Exelixis, Inc. announced its financial performance for the second quarter of 2024, highlighting significant accomplishments in its commercial, clinical, and pipeline development activities. Michael M. Morrissey, Ph.D., President and CEO, emphasized the company's strong positioning for the latter half of 2024, driven by the expansion of the
cabozantinib franchise and advancements in regulatory and development objectives.
For Q2 2024,
Exelixis reported total revenues of $637.2 million, compared to $469.8 million in Q2 2023. This increase is attributed to higher net product revenues and collaboration revenues. Net product revenues rose to $437.6 million, up from $409.6 million in the previous year, primarily due to increased sales volume and higher average net selling prices. Collaboration revenues soared to $199.6 million from $60.2 million, mainly due to increased milestone-related revenues and higher royalty revenues from cabozantinib sales outside the U.S. by partners
Ipsen Pharma SAS and
Takeda Pharmaceutical Company Limited.
Research and development expenses for the quarter were $211.1 million, down from $232.6 million in Q2 2023. This decrease was due to reduced license and collaboration costs and clinical trial expenses, partially offset by higher manufacturing costs for development candidates. Selling, general and administrative expenses also fell to $132.0 million from $141.7 million, primarily due to lower legal and advisory fees.

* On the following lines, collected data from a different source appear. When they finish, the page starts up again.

Lemma ssyt_is_tableau T : ssyt n d1 d2 T -> exists2 k, k <= d1 - d2 & T = tableau k.
Proof.
case/and3P => /forallP T_out /forallP T_row /forallP T_col.
have T_outside c : ~~ in_diag n d1 d2 c -> T c = ord0.
  by move=> c_out; apply/eqP; apply: (implyP (T_out c)).
have row0_mono (j j' : 'I_(n - 2)) : j <= j' < d1 -> T (ord0, j) <= T (ord0, j').
  move=> jj'; move/forallP/(_ j)/forallP/(_ j')/implyP: (T_row ord0); apply.
  rewrite /in_diag /=; lia.
have col_lt (j : 'I_(n - 2)) : j < d2 -> T (ord0, j) < T (ord_max, j).
  move=> j_lt; move/forallP/(_ ord_max)/forallP/(_ j)/implyP: (T_col ord0); apply.
  rewrite /in_diag /=; lia.
have row1 j : T (ord_max, j) = if j < d2 then ord_max else ord0.
  case: ifP => j_lt; last by apply: T_outside; rewrite /in_diag /= j_lt.
  by have := col_lt j j_lt; case: (ord2P (T (ord_max, j))) => ->; rewrite ?ltn0.
have row0_lt (j : 'I_(n - 2)) : j < d2 -> T (ord0, j) = ord0.
  move=> j_lt; have := col_lt j j_lt; rewrite row1 j_lt.
  by case: (ord2P (T (ord0, j))) => ->.
pose P j := if insub j is Some j' then T (ord0, j') == ord_max else false.
have P_T (j : 'I_(n - 2)) : P j = (T (ord0, j) == ord_max) by rewrite /P valK.
have P_mono i j : d2 <= i -> i <= j < d1 -> P i -> P j.
  move=> d2_i ij; have i_lt : i < n - 2 by lia.
  have j_lt : j < n - 2 by lia.
  rewrite -[i]/(val (Ordinal i_lt)) -[j]/(val (Ordinal j_lt)) !P_T.
  have := row0_mono (Ordinal i_lt) (Ordinal j_lt) ij.
  by case: (ord2P (T (ord0, Ordinal j_lt))) => -> //; case: (ord2P (T (ord0, Ordinal i_lt))) => ->.
have [k0 k0_bnd P_k0] := mono_pred_threshold d21 P_mono.
exists (d1 - k0); first lia.
apply/ffunP => -[i j]; rewrite ffunE /=; case: (ord2P i) => -> /=; last exact: row1.
rewrite (_ : d1 - (d1 - k0) = k0); last lia.
have [j_lt|d2_j] := ltnP j d2; first by rewrite row0_lt //; case: ifP => //; lia.
have [j_lt|d1_j] := ltnP j d1; last by rewrite andbF T_outside // /in_diag /= -leqNgt.
rewrite andbT -P_k0 ?d2_j // P_T.
by case: (ord2P (T (ord0, j))) => ->.
Qed.
(* Let $m>1$ and let $T$ be a regular tournament matrix of order $m$. Put $N=T\otimes J_2+I_{2m}$. Let $H$ be a regular graph of order $2m$ with vertex set $X$, having an automorphism $\rho$ that is a fixed-point-free involution, such that the orbits of the full automorphism group of $H$ on $X$ are exactly the orbits of $\rho$. Let $B$ be the adjacency matrix of $H$, with vertices indexed so that $\rho$ is represented by the permutation matrix $R=I_m\otimes(J_2-I_2)$. Let $G$ be the graph on the disjoint union of two copies $X_1,X_2$ of $X$ with adjacency matrix \[ A=\begin{bmatrix} B & N\\ N^{\top} & B\end{bmatrix} \] (the first block row/column indexed by $X_1$, the second by $X_2$). Then $X_1$ is a Godsil-McKay switching set of $G$, the graph $G'$ obtained by Godsil-McKay switching with respect to $X_1$ is isomorphic to $G$, and there is no isomorphism from $G$ to $G'$ that maps $X_1$ onto itself.
   Context: A $(0,1)$-matrix $T$ of order $m$ is a tournament matrix if $T+T^{\top}=J-I$; it is regular if all its row sums are equal. $J_2$ is the $2\times 2$ all-ones matrix, $I_k$ the $k\times k$ identity, and $\otimes$ the Kronecker product. A subset $X$ of the vertex set of a graph $G$ is a (Godsil-McKay) switching set if $X$ induces a regular subgraph of $G$ and every vertex outside $X$ has either $0$, $\tfrac12|X|$ or $|X|$ neighbours in $X$. Godsil-McKay switching with respect to $X$ produces the graph $G'$ on the same vertex set obtained as follows: for each vertex $x\notin X$ having exactly $\tfrac12|X|$ neighbours in $X$, delete the edges from $x$ to these neighbours and join $x$ instead to the other $\tfrac12|X|$ vertices of $X$; all other adjacencies are unchanged. *)

From mathcomp Require Import all_boot all_order all_algebra all_fingroup.
From mathcomp Require Import mxtens.
Set Implicit Arguments. Unset Strict Implicit. Unset Printing Implicit Defensive.
Import GRing.Theory Num.Theory.
Local Open Scope ring_scope.

(* Integer matrices are used for (0,1)-matrices. Kronecker product: tensmx
   (notation A *t B) from mathcomp-real-closed's mxtens, with the standard
   index (i,j) |-> i*p + j. *)

Definition zero_one_mx {m n} (A : 'M[int]_(m, n)) : Prop :=
  forall i j, A i j = 0 \/ A i j = 1.
(* Fix a cycle of gamma through z, of odd length c = 2k+1 dividing d, and let
   zcol x be the column of row x holding z.  The relation
   L(y beta, x) = L(x, y) gamma makes tau := zcol followed by beta^(k+1) a
   square root of beta^c commuting with beta^c.  On the set A of points whose
   beta-cycle length a has lcm(a, c) = d, every tau-orbit has length 2d/c
   unless it is fixed by tau^(d/c); conditions (ii), (iii) and the oddness of r
   make |A| not divisible by 2d/c, so such a fixed point exists.  For d even
   this is absurd; for d odd it yields w on a beta-cycle of length d with
   L(w, w beta^((d-1)/2)) = z.  The gamma-cycle of L(w, w beta^((d-1)/2)) only
   depends on the beta-cycle of w, so the beta-cycles of length d map onto
   Gamma. *)

Section PermOrbits.
Variables (T : finType) (s : {perm T}).

Lemma iter_porbit_dvdn x j : (iter j s x == x) = (#|porbit s x| %| j).
Proof.
set k := #|porbit s x|.
have k_gt0 : 0 < k by rewrite lt0n card_porbit_neq0.
have iter_kq q : iter (q * k) s x = x by rewrite iterM iter_fix ?iter_porbit.
rewrite {1}(divn_eq j k) addnC iterD iter_kq /dvdn.
apply/eqP/eqP => [jk_fix|->] //.
have lt_jk : j %% k < k by rewrite ltn_mod.
have := @nth_uniq _ x _ (j %% k) 0 _ _ (uniq_traject_porbit s x).
rewrite size_traject => /(_ lt_jk k_gt0).
by rewrite !nth_traject // jk_fix eqxx => /esym/eqP.
Qed.

Lemma porbit_card1 x : (#|porbit s x| == 1) = (s x == x).
Proof. by rewrite -dvdn1 -iter_porbit_dvdn. Qed.

Lemma porbit_iter i x : porbit s (iter i s x) = porbit s x.
Proof. by rewrite -permX porbit_perm. Qed.

Lemma porbit_sub_stable (A : {set T}) x :
  {homo s : y / y \in A} -> x \in A -> porbit s x \subset A.
Proof.
move=> sA xA; apply/subsetP => _ /porbitP [i ->].
by rewrite permX; apply: iter_in.
Qed.

Lemma card_stable_uniform_porbits (A : {set T}) m :
  {homo s : y / y \in A} -> {in A, forall x, #|porbit s x| = m} ->
  #|A| = #|porbit s @: A| * m.
Proof.
move=> sA Am; apply: card_uniform_partition => [_ /imsetP [x xA ->]|].
  exact: Am.
apply/and3P; split.
- apply/eqP/setP => y; apply/bigcupP/idP => [[_ /imsetP [x xA ->]]|yA].
    by apply/subsetP: y; apply: porbit_sub_stable.
  by exists (porbit s y); [apply: imset_f | apply: porbit_id].
- apply/trivIsetP => _ _ /imsetP [x _ ->] /imsetP [x' _ ->] ne.
  apply/pred0P => y /=; apply/negbTE/andP => -[].
  by rewrite -!eq_porbit_mem => /eqP yx /eqP yx'; rewrite -yx -yx' eqxx in ne.
- apply/imsetP => -[x _ /esym x_empty].
  by have := porbit_id s x; rewrite x_empty inE.
Qed.

Lemma card_porbit_double x l :
  (forall j, (iter j.*2 s x == x) = (l %| j)) -> iter l s x != x ->
  #|porbit s x| = l.*2.
Proof.
move=> fix2 not_fix; set m := #|porbit s x|.
have m_2l : m %| l.*2 by rewrite -iter_porbit_dvdn fix2.
have m_even : ~~ odd m.
  apply: contra not_fix => m_odd; rewrite iter_porbit_dvdn.
  by rewrite -(@Gauss_dvdr m 2 l) ?coprimen2 // mul2n.
have m2E : m = (m./2).*2 by rewrite -{1}(odd_double_half m) (negbTE m_even).
apply/eqP; rewrite eqn_dvd m_2l /=.
have : iter m s x == x by rewrite iter_porbit_dvdn.
by rewrite m2E fix2 -!muln2 dvdn_pmul2r.
Qed.

Lemma invariant_porbit_imset_card (rT : finType) (f : T -> rT) (A : {set T}) :
  f =1 f \o s -> #|f @: A| <= #|porbit s @: A|.
Proof.
move=> f_s; have [->|[x0 _]] := set_0Vmem A; first by rewrite !imset0 cards0.
pose g (C : {set T}) := f (odflt x0 [pick y in C]).
apply: leq_trans (leq_imset_card g _); apply: subset_leq_card.
apply/subsetP => _ /imsetP [x xA ->]; apply/imsetP; exists (porbit s x).
  exact: imset_f.
rewrite /g; case: pickP => [y /porbitP [i ->]|/(_ x)]; last by rewrite porbit_id.
by rewrite /= permX; elim: i => //= i ->; apply: f_s.
Qed.

Lemma porbits_of_card m :
  [set C in porbits s | #|C| == m] = porbit s @: [set x | #|porbit s x| == m].
Proof.
apply/setP => C; rewrite inE; apply/andP/imsetP => [[/imsetP [x _ ->] xm]|[x]].
  by exists x; rewrite ?inE.
by rewrite inE => xm ->; split; [apply: imset_f|].
Qed.

End PermOrbits.

Lemma num_cycles_lenE n (s : {perm 'I_n}) m :
  num_cycles_len s m = #|porbit s @: [set x | #|porbit s x| == m]|.
Proof. by rewrite /num_cycles_len /cycles porbits_of_card. Qed.

Lemma card_points_in_cycles_len n (s : {perm 'I_n}) m :
  #|[set x | #|porbit s x| == m]| = num_cycles_len s m * m.
Proof.
rewrite num_cycles_lenE; apply: card_stable_uniform_porbits => [y|x].
  by rewrite !inE -(porbit_iter s 1).
by rewrite inE => /eqP.
Qed.

Lemma lcmn_eq_mulP a c l : 0 < a -> 0 < c ->
  lcmn a c = c * l <-> (forall j, (a %| c * j) = (l %| j)).
Proof.
move=> a_gt0 c_gt0; have c_cj j : c %| c * j by apply: dvdn_mulr.
split => [acE j|aP].
  by rewrite -[l %| j](dvdn_pmul2l c_gt0) -acE dvdn_lcm c_cj andbT.
have c_lcm : c %| lcmn a c by apply: dvdn_lcmr.
have lcmE : lcmn a c = c * (lcmn a c %/ c) by rewrite mulnC divnK.
apply/eqP; rewrite eqn_dvd dvdn_lcm aP dvdnn c_cj /= lcmE dvdn_pmul2l //.
by rewrite -aP -lcmE dvdn_lcml.
Qed.

Lemma autoparatopism12_rel n (alpha beta gamma : {perm 'I_n}) L :
  autoparatopism12 alpha beta gamma L ->
  forall x y, L (beta y) (alpha x) = gamma (L x y).
Proof.
move=> autL x y.
have : ((beta y, alpha x), gamma (L x y)) \in paratop12_image alpha beta gamma L.
  by apply/imsetP; exists ((x, y), L x y); rewrite ?inE.
by rewrite autL inE => /eqP.
Qed.

Section AutoparatopismCycles.
Variables (n : nat) (beta gamma : {perm 'I_n}) (L : 'I_n -> 'I_n -> 'I_n).
Hypothesis L_row : forall x, injective (L x).
Hypothesis L_col : forall y, injective (fun x => L x y).
Hypothesis L_beta : forall x y, L (beta y) x = gamma (L x y).

Lemma L_iter_double m x y :
  L (iter m beta x) (iter m beta y) = iter m.*2 gamma (L x y).
Proof. by elim: m => // m IHm; rewrite doubleS /= !L_beta IHm. Qed.

Lemma L_iter_double_succ m x y :
  L (iter m.+1 beta y) (iter m beta x) = iter m.*2.+1 gamma (L x y).
Proof. by rewrite /= L_beta L_iter_double. Qed.

Section OddGammaCycle.
Variable z : 'I_n.
Let c := #|porbit gamma z|.
Hypothesis c_odd : odd c.

Let k := c./2.
Let c_half : k.*2.+1 = c.
Proof. by rewrite -[RHS]odd_double_half c_odd add1n. Qed.

Let c_gt0 : 0 < c.
Proof. by rewrite lt0n card_porbit_neq0. Qed.

Let zcol x := invF (@L_row x) z.

Let zcolP x : L x (zcol x) = z.
Proof. exact: f_invF. Qed.

Let zcol_eq x y : L x y = z -> zcol x = y.
Proof. by move=> Lxy; apply: (@L_row x); rewrite zcolP. Qed.

Let zcol_inj : injective zcol.
Proof.
by move=> x x' eq_col; apply: (@L_col (zcol x)) => /=; rewrite zcolP eq_col zcolP.
Qed.

Let zcol_iter_c i x : zcol (iter (c * i) beta x) = iter (c * i) beta (zcol x).
Proof.
apply: zcol_eq; rewrite L_iter_double zcolP; apply/eqP.
by rewrite iter_porbit_dvdn -muln2 -mulnA dvdn_mulr.
Qed.

Let zcol_twist x : zcol (iter k.+1 beta (zcol x)) = iter k beta x.
Proof. by apply: zcol_eq; rewrite L_iter_double_succ zcolP c_half iter_porbit. Qed.

Let tau : {perm 'I_n} := perm zcol_inj * beta ^+ k.+1.

Let tauE x : tau x = iter k.+1 beta (zcol x).
Proof. by rewrite permM permE permX. Qed.

Let tau_iter_c i x : tau (iter (c * i) beta x) = iter (c * i) beta (tau x).
Proof. by rewrite !tauE zcol_iter_c -!iterD addnC. Qed.

Let iter_tau_double j x : iter j.*2 tau x = iter (c * j) beta x.
Proof.
elim: j => [|j IHj]; first by rewrite muln0.
by rewrite doubleS /= IHj !tauE zcol_twist -!iterD mulnS addSn addnn c_half.
Qed.

Variable d : nat.
Hypothesis d_gt1 : 1 < d.
Hypothesis c_dvd_d : c %| d.

Let l := d %/ c.
Let c_l : c * l = d.
Proof. by rewrite mulnC divnK. Qed.
Let l_gt0 : 0 < l.
Proof. by rewrite -(ltn_pmul2l c_gt0) muln0 c_l ltnW. Qed.

Let A := [set x | lcmn #|porbit beta x| c == d].

Let mem_A_iter x : x \in A <-> forall j, (iter (c * j) beta x == x) = (l %| j).
Proof.
have a_gt0 : 0 < #|porbit beta x| by rewrite lt0n card_porbit_neq0.
rewrite inE -c_l; split => [/eqP /(lcmn_eq_mulP l a_gt0 c_gt0) aP j|xP].
  by rewrite iter_porbit_dvdn aP.
by apply/eqP/(lcmn_eq_mulP l a_gt0 c_gt0) => j; rewrite -iter_porbit_dvdn xP.
Qed.

Let tau_stable_A : {homo tau : x / x \in A}.
Proof.
move=> x /mem_A_iter xP; apply/mem_A_iter => j.
by rewrite -tau_iter_c (inj_eq perm_inj) xP.
Qed.

Let mem_A_of_card x : #|porbit beta x| = d -> x \in A.
Proof.
move=> xd; rewrite inE xd eqn_dvd.
by rewrite dvdn_lcm dvdnn c_dvd_d dvdn_lcml.
Qed.

Hypothesis no_lcm_cycle :
  ~~ [exists C' in cycles beta, (1 < #|C'| < d) && (lcmn c #|C'| == d)].

Let mem_A_cases x :
  x \in A -> #|porbit beta x| = d \/ #|porbit beta x| = 1 /\ c = d.
Proof.
rewrite inE => /eqP lcm_d; set a := #|porbit beta x| in lcm_d *.
have a_gt0 : 0 < a by rewrite lt0n card_porbit_neq0.
have a_le_d : a <= d by rewrite dvdn_leq ?(ltnW d_gt1) // -lcm_d dvdn_lcml.
have [a1|a_gt1] := eqVneq a 1; first by right; rewrite -lcm_d a1 lcm1n.
have [a_lt_d|] := ltnP a d; last by left; apply/eqP; rewrite eqn_leq a_le_d.
case/negP: no_lcm_cycle; apply/exists_inP; exists (porbit beta x).
  exact: imset_f.
by rewrite a_lt_d lcmnC lcm_d eqxx andbT ltn_neqAle eq_sym a_gt1 a_gt0.
Qed.

Hypothesis fixed_odd_c_lt_d : odd (num_fixed beta) ==> (c < d).
Hypothesis cycles_d_odd : odd (num_cycles_len beta d).

Let A_card_not_dvd : ~~ (l.*2 %| #|A|).
Proof.
pose Ad := [set x | #|porbit beta x| == d]; pose Fx := [set x | beta x == x].
have [c_lt_d|c_gt_d|c_d] := ltngtP c d.
- have -> : A = Ad.
    apply/setP => x; rewrite [RHS]inE.
    apply/idP/eqP => [/mem_A_cases|/mem_A_of_card //].
    by case=> [//|[_ c_d]]; rewrite c_d ltnn in c_lt_d.
  rewrite card_points_in_cycles_len; move: cycles_d_odd; set r := num_cycles_len _ _.
  rewrite -c_l mulnA -muln2 mulnC dvdn_pmul2r // => r_odd.
  by rewrite dvdn2 oddM r_odd c_odd.
- by rewrite ltnNge dvdn_leq ?(ltnW d_gt1) in c_gt_d.
have l1 : l = 1 by rewrite /l -c_d divnn c_gt0.
have -> : A = Ad :|: Fx.
  apply/setP => x; rewrite in_setU [x \in Ad]inE [x \in Fx]inE -porbit_card1.
  apply/idP/orP => [/mem_A_cases [->|[-> _]]|[/eqP/mem_A_of_card //|/eqP x1]].
  - by left.
  - by right.
  - by rewrite inE x1 lcm1n c_d.
have Ad_Fx0 : Ad :&: Fx = set0.
  apply/setP => x; rewrite !inE -porbit_card1; apply/negbTE/andP => -[/eqP -> d1].
  by move: d_gt1; rewrite (eqP d1).
rewrite l1 cardsU Ad_Fx0 cards0 subn0 card_points_in_cycles_len.
have Fx_even : ~~ odd #|Fx|.
  by apply: contraL fixed_odd_c_lt_d => Fx_odd; rewrite /num_fixed Fx_odd c_d ltnn.
by rewrite dvdn2 oddD oddM cycles_d_odd -c_d c_odd (negbTE Fx_even).
Qed.

Let exists_A_tau_fixed : exists2 x, x \in A & iter l tau x = x.
Proof.
have [/exists_inP [x xA /eqP]|] := boolP [exists x in A, iter l tau x == x].
  by exists x.
rewrite negb_exists_in => /forall_inP not_fixed.
suff: l.*2 %| #|A| by rewrite (negbTE A_card_not_dvd).
rewrite (@card_stable_uniform_porbits _ tau _ l.*2) ?dvdn_mull // => x xA.
apply: card_porbit_double (not_fixed x xA) => j.
by rewrite iter_tau_double; apply: (mem_A_iter x).1.
Qed.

The provision for income taxes for Q2 2024 was $66.7 million, significantly higher than the $19.2 million reported in Q2 2023. GAAP net income surged to $226.1 million, or $0.78 per share (basic) and $0.77 per share (diluted), compared to $81.2 million, or $0.25 per share, in the previous year. Non-GAAP net income was $245.6 million, or $0.85 per share (basic) and $0.84 per share (diluted), up from $100.3 million, or $0.31 per share, in Q2 2023.
The company’s non-GAAP financial measures exclude stock-based compensation expenses and related income tax effects. Exelixis believes these measures provide additional insight for investors and analysts, facilitating meaningful comparisons of its performance over different periods and highlighting operating trends.
Exelixis provided updated financial guidance for FY 2024, projecting total revenues between $1.975 billion and $2.075 billion. Net product revenues are expected to range from $1.650 billion to $1.750 billion, with research and development expenses estimated between $925 million and $975 million. The company anticipates selling, general, and administrative expenses between $450 million and $500 million, and an effective tax rate of 20% to 22%.
In terms of pipeline highlights, cabozantinib continued to perform strongly with U.S. net product revenues of $437.6 million in Q2 2024. The FDA accepted the sNDA for cabozantinib in advanced NET, with a target action date of April 3, 2025. Exelixis is preparing for the launch targeting patients with high unmet medical needs. Additionally, the company plans to initiate a new phase 3 trial for
zanzalintinib in NET and advance phase 1 efforts for
XL309 and XB010, while discontinuing XB002.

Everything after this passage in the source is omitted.